As for the opposition, you have Senator Feinstein calling for "competent" war (as Norman Solomon recently asked, what does it mean to fight this preemptive war "right"?); Senator Kerry being photo-op'd smiling broadly at Bush in the White House. without regard for the disheartening impact this might have on the millions of former supporters who may not be quick to appreciate the cozy image or its implication for revealing Kerry's true status-quo colors after 20+ years in the Senate "Club"; Senator Schumer betraying the campaign of Paul Hackett in Ohio, an RFK-style insurgent Democratic candidate, a Marine officer with Iraq combat experience who called Bush a "chickenhawk" among other blunt assessments, by coercing Hackett into withdrawing before the primary in favor of a weaker political hack that was blessed by the Ohio party machine, thereby depriving the voters of the chance to select their own guy in a free election (this is "Democratic"?)
These and numerous other examples demonstrate the obvious capitulation of the bogus "opposition" party to the consolidated power of the Republican monolith.

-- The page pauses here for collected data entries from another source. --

(* Let $G$ be a finite non-abelian group such that $G/Z(G)\cong C_2\times C_2$. Then the non-centralizer graph $\Upsilon_G$ is regular.
   Context: For a finite group $G$, $C_G(x)$ denotes the centralizer of $x\in G$ and $Z(G)$ the center. The non-centralizer graph $\Upsilon_G$ is the simple graph with vertex set $G$ in which two distinct vertices $x,y$ are adjacent if and only if $C_G(x)\neq C_G(y)$. A graph is regular if all its vertices have the same degree. *)

From mathcomp Require Import all_boot all_fingroup all_solvable all_algebra.
Set Implicit Arguments. Unset Strict Implicit. Unset Printing Implicit Defensive.
Import GroupScope.

Definition noncent_adj (gT : finGroupType) (G : {set gT}) (x y : gT) : bool :=
  (x != y) && ('C_G[x] != 'C_G[y]).

Definition noncent_deg (gT : finGroupType) (G : {set gT}) (x : gT) : nat :=
  #|[set y in G | noncent_adj G x y]|.

Definition noncent_regular (gT : finGroupType) (G : {set gT}) : Prop :=
  forall x y, x \in G -> y \in G -> noncent_deg G x = noncent_deg G y.

(** If |G : Z(G)| = 4 and x is not central, then Z(G) < C_G(x) < G forces
    |C_G(x) : Z(G)| = 2, so C_G(x) \ Z(G) is the single coset Z(G)x.
    Together with C_G(zx) = C_G(x) for central z, this shows that
    C_G(x) = C_G(y) exactly when Z(G)x = Z(G)y.  Hence x is adjacent in the
    non-centralizer graph precisely to the elements outside Z(G)x, and every
    vertex has degree |G| - |Z(G)|. *)

From mathcomp Require Import all_boot all_fingroup all_solvable all_algebra.
From mathcomp Require Import zify.
Import GroupScope.

Section CentraliserCosets.
Variables (gT : finGroupType) (G : {group gT}).

Lemma center_sub_subcent1 x : x \in G -> 'Z(G) \subset 'C_G[x].
Proof. by move=> Gx; rewrite setIS // -cent_set1 centS // sub1set. Qed.

Lemma subcent1_fullP x : x \in G -> reflect ('C_G[x] = G) (x \in 'Z(G)).
Proof. by move=> Gx; rewrite [x \in _]inE Gx -sub_cent1; apply: setIidPl. Qed.

Lemma subcent1_rcoset_center x y : y \in 'Z(G) :* x -> 'C_G[y] = 'C_G[x].
Proof.
case/rcosetP=> z /centerP[_ cGz] ->; apply/setP=> g; rewrite !in_setI.
case Gg: (g \in G) => //=.
by rewrite !cent1E mulgA -(cGz g Gg) -!mulgA (inj_eq (mulgI z)).
Qed.

Hypothesis indexZ4 : #|G : 'Z(G)| = 4.

Lemma index_center_subcent1 x : x \in G :\: 'Z(G) -> #|'C_G[x] : 'Z(G)| = 2.
Proof.
case/setDP=> Gx notZx.
have ZsubC : 'Z(G) \subset 'C_G[x] by exact: center_sub_subcent1.
have idxGC : #|G : 'C_G[x]| != 1%N.
  rewrite indexg_eq1 subsetIidl.
  by apply: contra notZx => /setIidPl /subcent1_fullP->.
have idxCZ : #|'C_G[x] : 'Z(G)| != 1%N.
  rewrite indexg_eq1; apply: contra notZx => /subsetP; apply.
  exact: subcent1_id.
have : (#|G : 'C_G[x]| * #|'C_G[x] : 'Z(G)|)%N = 4.
  by rewrite -indexZ4; apply: Lagrange_index ZsubC; apply: subcent1_sub.
move: idxGC idxCZ => /eqP ? /eqP ? ?; nia.
Qed.

Lemma eq_subcent1_rcoset x y :
  x \in G -> y \in G -> ('C_G[x] == 'C_G[y]) = (y \in 'Z(G) :* x).
Proof.
move=> Gx Gy; apply/eqP/idP=> [eqC | /subcent1_rcoset_center-> //].
have [Zx | notZx] := boolP (x \in 'Z(G)).
  rewrite rcoset_id //; apply/(subcent1_fullP _ Gy).
  by rewrite -eqC; apply/subcent1_fullP.
have notZy : y \notin 'Z(G).
  apply: contra notZx => /(subcent1_fullP _ Gy).
  by rewrite -eqC => /(subcent1_fullP _ Gx).
have idxCZ : #|'C_G[x] : 'Z(G)| = 2.
  by apply: index_center_subcent1; rewrite inE notZx.
have CZx : x \in 'C_G[x] :\: 'Z(G) by rewrite inE notZx subcent1_id.
have CZy : y \in 'C_G[x] :\: 'Z(G) by rewrite in_setD notZy eqC subcent1_id.
by rewrite (rcoset_index2 (center_sub_subcent1 _ Gx) idxCZ CZx).
Qed.

Lemma noncent_adj_rcoset x y :
  x \in G -> y \in G -> noncent_adj G x y = (y \notin 'Z(G) :* x).
Proof.
move=> Gx Gy; rewrite /noncent_adj eq_subcent1_rcoset //.
have [_ | notZxy] := boolP (y \in 'Z(G) :* x); rewrite ?andbF ?andbT //.
by apply: contraNneq notZxy => <-; apply: rcoset_refl.
Qed.

Lemma noncent_deg_index4 x : x \in G -> noncent_deg G x = (#|G| - #|'Z(G)|)%N.
Proof.
move=> Gx; have ZxG : 'Z(G) :* x \subset G.
  by rewrite -{2}(rcoset_id Gx) rcosetS center_sub.
rewrite /noncent_deg -(card_rcoset 'Z(G) x) -(setIidPr ZxG) -cardsD.
apply: eq_card => y; rewrite !inE.
by case Gy: (y \in G); rewrite ?andbF // andbT noncent_adj_rcoset.
Qed.

End CentraliserCosets.

Theorem theorem2p7 (gT : finGroupType) (G : {group gT}) :
  ~~ abelian G ->
  (G / 'Z(G)) \isog [set: 'Z_2 * 'Z_2] ->
  noncent_regular G.
Proof.
move=> _ isoKlein x y Gx Gy.
have indexZ4 : #|G : 'Z(G)| = 4.
  rewrite -card_quotient ?normal_norm ?center_normal // (card_isog isoKlein).
  by rewrite cardsT card_prod card_ord.
by rewrite !noncent_deg_index4.
Qed.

Indeed, many respected analysts are drawling little distinction any more between the inside-the-beltway players of both parties, seeing no fault lines, only cosmetic differences in spin or propoganda designed to snow the citizenry and maintain incumbency.
Like a festering boil on one's ass that must be lanced before healing, the puss of this administration and it's virulent policies on all matters of concern to thoughtful, fair-minded Americans, who want to see a resurrection of sanity and rationality, that "puss" must be drained.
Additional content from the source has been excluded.